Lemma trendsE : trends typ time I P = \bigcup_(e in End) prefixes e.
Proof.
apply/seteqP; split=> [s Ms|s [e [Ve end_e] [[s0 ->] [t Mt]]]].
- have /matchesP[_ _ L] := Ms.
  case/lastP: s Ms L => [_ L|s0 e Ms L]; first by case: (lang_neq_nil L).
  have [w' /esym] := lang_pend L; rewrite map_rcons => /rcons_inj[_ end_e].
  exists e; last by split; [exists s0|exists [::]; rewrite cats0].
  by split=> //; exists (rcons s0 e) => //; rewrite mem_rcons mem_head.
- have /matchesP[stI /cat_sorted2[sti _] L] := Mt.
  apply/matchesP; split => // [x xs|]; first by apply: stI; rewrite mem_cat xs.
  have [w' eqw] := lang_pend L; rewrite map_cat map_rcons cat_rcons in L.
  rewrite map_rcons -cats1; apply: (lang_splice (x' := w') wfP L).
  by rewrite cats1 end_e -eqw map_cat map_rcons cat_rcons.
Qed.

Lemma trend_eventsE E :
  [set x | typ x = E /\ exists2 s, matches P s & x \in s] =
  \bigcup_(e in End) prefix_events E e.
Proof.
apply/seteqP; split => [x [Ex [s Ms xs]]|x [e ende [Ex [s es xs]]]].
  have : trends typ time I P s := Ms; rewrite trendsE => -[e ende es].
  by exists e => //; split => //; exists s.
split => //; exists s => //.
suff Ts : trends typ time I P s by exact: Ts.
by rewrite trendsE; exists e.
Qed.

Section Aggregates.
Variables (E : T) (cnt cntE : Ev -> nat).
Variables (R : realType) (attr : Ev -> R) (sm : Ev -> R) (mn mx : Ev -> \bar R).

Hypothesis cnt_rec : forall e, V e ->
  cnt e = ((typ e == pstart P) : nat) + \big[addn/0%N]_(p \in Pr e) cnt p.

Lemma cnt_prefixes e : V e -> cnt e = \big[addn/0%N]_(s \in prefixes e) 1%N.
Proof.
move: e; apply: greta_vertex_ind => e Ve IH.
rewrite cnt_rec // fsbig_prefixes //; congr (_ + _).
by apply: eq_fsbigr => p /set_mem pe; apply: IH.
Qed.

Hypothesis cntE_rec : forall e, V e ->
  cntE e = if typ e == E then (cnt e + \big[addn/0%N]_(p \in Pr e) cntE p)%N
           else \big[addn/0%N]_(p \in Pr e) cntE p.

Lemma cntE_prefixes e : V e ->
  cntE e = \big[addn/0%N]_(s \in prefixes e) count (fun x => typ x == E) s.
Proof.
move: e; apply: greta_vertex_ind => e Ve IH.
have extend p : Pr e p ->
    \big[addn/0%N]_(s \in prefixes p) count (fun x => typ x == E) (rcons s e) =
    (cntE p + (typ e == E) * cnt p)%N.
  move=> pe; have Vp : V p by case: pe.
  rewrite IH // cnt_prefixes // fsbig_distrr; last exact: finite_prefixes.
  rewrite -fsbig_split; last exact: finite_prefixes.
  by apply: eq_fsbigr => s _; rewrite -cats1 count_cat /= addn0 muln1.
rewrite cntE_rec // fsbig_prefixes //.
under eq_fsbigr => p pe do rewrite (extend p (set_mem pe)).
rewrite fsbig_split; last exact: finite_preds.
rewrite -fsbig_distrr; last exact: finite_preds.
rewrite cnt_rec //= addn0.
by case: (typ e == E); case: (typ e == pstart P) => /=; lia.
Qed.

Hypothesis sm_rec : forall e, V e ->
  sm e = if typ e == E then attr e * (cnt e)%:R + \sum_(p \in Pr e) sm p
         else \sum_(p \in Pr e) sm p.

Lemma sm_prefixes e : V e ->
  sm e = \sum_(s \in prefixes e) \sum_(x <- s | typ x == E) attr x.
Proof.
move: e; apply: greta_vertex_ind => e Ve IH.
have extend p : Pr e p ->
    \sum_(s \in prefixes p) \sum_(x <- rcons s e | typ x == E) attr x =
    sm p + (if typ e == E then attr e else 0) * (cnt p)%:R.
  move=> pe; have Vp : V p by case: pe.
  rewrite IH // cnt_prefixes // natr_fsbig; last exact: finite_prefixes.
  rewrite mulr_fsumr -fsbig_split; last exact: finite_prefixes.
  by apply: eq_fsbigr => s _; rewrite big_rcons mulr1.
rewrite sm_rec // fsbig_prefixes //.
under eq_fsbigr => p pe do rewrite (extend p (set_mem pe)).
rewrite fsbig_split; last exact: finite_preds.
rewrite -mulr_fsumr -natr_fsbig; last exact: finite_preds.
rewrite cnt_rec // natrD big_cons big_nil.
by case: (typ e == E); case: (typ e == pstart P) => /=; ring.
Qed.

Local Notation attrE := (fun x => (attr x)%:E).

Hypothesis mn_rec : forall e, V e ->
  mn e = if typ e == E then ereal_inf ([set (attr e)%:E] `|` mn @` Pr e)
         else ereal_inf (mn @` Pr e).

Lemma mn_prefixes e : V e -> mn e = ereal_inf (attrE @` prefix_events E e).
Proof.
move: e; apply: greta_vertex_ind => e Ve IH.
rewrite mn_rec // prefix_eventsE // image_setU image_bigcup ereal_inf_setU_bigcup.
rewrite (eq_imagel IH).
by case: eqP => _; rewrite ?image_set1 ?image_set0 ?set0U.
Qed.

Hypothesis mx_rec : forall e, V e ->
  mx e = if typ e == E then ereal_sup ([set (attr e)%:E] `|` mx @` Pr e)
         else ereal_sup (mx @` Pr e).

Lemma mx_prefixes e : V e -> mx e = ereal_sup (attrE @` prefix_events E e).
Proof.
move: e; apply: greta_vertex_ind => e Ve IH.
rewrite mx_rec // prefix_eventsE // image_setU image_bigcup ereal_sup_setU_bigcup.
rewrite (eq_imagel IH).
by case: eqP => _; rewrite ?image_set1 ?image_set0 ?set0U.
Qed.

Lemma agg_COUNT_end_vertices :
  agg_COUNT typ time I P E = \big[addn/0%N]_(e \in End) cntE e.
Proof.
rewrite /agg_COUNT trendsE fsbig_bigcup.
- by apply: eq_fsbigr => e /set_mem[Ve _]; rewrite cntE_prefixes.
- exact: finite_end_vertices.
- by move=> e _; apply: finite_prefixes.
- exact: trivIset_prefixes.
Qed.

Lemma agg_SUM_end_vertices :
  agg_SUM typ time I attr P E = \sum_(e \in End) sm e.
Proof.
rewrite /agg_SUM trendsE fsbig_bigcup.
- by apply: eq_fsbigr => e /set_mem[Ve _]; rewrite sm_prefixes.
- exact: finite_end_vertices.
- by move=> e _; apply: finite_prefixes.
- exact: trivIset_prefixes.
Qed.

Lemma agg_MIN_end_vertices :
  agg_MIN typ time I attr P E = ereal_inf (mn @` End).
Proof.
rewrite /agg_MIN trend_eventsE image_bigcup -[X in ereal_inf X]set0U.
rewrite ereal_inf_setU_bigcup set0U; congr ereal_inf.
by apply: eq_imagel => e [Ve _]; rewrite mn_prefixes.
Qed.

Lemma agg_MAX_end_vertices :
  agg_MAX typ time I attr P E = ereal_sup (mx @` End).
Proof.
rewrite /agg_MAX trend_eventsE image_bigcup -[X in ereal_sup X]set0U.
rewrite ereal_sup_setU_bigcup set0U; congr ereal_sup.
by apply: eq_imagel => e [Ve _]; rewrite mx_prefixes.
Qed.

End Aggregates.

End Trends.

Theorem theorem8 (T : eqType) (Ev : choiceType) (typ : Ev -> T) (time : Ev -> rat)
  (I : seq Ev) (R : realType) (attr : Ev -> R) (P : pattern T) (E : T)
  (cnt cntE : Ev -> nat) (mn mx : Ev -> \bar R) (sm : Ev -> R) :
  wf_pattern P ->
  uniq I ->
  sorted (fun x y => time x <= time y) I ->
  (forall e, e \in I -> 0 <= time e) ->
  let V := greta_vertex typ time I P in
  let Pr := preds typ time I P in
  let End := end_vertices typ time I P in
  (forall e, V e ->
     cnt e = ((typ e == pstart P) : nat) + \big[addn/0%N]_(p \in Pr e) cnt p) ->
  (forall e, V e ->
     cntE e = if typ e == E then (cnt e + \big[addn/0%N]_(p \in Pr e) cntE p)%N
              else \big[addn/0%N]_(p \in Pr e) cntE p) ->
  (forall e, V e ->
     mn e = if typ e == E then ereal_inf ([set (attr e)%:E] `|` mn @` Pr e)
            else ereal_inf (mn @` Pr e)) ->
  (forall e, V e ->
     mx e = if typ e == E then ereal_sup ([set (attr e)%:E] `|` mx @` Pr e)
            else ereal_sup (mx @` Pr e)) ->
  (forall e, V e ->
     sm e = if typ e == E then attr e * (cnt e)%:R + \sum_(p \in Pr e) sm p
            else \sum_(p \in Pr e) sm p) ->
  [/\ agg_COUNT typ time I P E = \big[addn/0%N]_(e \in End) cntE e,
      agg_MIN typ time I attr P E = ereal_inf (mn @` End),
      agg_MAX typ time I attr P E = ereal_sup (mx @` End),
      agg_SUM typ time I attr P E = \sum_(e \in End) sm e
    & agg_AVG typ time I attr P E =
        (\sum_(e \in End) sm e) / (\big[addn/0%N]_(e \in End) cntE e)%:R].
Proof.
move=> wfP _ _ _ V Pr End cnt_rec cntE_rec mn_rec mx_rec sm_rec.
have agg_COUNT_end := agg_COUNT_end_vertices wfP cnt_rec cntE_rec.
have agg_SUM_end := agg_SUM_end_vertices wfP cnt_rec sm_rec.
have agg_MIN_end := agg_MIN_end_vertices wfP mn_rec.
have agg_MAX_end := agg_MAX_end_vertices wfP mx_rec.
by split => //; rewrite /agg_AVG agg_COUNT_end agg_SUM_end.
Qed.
...
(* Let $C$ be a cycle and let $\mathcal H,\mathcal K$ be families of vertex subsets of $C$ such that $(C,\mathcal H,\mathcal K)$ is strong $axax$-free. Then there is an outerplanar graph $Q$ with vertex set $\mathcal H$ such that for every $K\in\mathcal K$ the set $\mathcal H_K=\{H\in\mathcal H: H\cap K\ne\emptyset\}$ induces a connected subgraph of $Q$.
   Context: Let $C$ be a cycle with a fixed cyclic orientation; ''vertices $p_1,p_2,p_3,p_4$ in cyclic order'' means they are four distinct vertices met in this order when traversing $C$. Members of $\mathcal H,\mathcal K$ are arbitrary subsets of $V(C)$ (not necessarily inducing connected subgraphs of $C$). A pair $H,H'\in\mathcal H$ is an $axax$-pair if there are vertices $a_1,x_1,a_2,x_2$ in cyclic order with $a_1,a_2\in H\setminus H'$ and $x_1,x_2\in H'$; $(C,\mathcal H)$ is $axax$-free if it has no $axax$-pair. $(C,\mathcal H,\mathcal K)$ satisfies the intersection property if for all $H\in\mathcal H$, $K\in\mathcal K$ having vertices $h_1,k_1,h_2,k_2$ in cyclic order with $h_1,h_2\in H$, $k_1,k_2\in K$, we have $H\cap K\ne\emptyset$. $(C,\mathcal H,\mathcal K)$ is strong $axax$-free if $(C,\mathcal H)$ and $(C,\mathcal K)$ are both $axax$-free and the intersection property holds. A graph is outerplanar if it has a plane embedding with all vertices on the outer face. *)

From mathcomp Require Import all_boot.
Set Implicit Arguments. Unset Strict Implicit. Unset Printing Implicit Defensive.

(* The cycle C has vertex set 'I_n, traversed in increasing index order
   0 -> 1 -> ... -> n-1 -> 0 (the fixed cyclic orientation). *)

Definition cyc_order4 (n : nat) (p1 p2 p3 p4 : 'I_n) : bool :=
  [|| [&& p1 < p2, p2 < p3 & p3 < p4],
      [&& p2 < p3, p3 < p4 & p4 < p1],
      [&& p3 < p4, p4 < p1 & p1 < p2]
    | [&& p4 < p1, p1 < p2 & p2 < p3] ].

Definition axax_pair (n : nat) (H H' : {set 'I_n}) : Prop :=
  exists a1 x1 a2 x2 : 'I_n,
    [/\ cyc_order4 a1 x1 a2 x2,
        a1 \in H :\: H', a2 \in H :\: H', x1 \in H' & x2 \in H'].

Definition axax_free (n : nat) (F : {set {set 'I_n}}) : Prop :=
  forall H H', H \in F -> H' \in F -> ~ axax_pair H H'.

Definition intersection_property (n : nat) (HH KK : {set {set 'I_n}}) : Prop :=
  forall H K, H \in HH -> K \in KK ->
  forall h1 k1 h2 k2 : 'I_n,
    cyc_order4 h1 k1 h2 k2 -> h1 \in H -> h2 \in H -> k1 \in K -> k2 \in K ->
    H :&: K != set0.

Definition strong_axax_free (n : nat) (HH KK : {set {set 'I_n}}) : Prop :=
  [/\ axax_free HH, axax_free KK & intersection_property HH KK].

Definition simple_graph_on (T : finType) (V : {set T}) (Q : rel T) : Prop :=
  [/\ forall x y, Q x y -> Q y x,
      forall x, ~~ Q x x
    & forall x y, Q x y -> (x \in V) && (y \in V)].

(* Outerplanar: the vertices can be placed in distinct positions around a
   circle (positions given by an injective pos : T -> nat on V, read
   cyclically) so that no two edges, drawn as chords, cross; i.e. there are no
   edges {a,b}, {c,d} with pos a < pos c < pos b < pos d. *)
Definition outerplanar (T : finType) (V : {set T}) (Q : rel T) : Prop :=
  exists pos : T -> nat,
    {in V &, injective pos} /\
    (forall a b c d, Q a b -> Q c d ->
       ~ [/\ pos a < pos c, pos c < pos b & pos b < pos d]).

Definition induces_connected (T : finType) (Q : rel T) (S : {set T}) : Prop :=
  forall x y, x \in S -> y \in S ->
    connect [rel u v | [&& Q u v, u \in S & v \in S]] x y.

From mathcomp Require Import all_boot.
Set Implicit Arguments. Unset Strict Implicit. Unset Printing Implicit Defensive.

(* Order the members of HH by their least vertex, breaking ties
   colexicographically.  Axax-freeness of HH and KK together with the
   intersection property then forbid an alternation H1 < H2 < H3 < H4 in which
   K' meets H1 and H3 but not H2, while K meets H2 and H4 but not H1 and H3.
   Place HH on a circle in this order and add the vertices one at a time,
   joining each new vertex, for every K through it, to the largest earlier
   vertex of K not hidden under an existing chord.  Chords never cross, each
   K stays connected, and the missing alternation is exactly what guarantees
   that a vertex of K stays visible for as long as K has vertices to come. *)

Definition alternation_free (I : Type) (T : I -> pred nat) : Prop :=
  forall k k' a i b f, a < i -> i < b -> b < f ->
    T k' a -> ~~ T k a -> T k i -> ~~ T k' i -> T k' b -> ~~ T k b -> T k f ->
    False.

What the exercise asks: Copy, exactly and only, the lines above that begin with the one containing "Section Aggregates." and finish with the one containing "else \big[addn/0%N]_(p \in Pr e) cntE p.".

Task answer:
Section Aggregates.
Variables (E : T) (cnt cntE : Ev -> nat).
Variables (R : realType) (attr : Ev -> R) (sm : Ev -> R) (mn mx : Ev -> \bar R).

Hypothesis cnt_rec : forall e, V e ->
  cnt e = ((typ e == pstart P) : nat) + \big[addn/0%N]_(p \in Pr e) cnt p.

Lemma cnt_prefixes e : V e -> cnt e = \big[addn/0%N]_(s \in prefixes e) 1%N.
Proof.
move: e; apply: greta_vertex_ind => e Ve IH.
rewrite cnt_rec // fsbig_prefixes //; congr (_ + _).
by apply: eq_fsbigr => p /set_mem pe; apply: IH.
Qed.

Hypothesis cntE_rec : forall e, V e ->
  cntE e = if typ e == E then (cnt e + \big[addn/0%N]_(p \in Pr e) cntE p)%N
           else \big[addn/0%N]_(p \in Pr e) cntE p.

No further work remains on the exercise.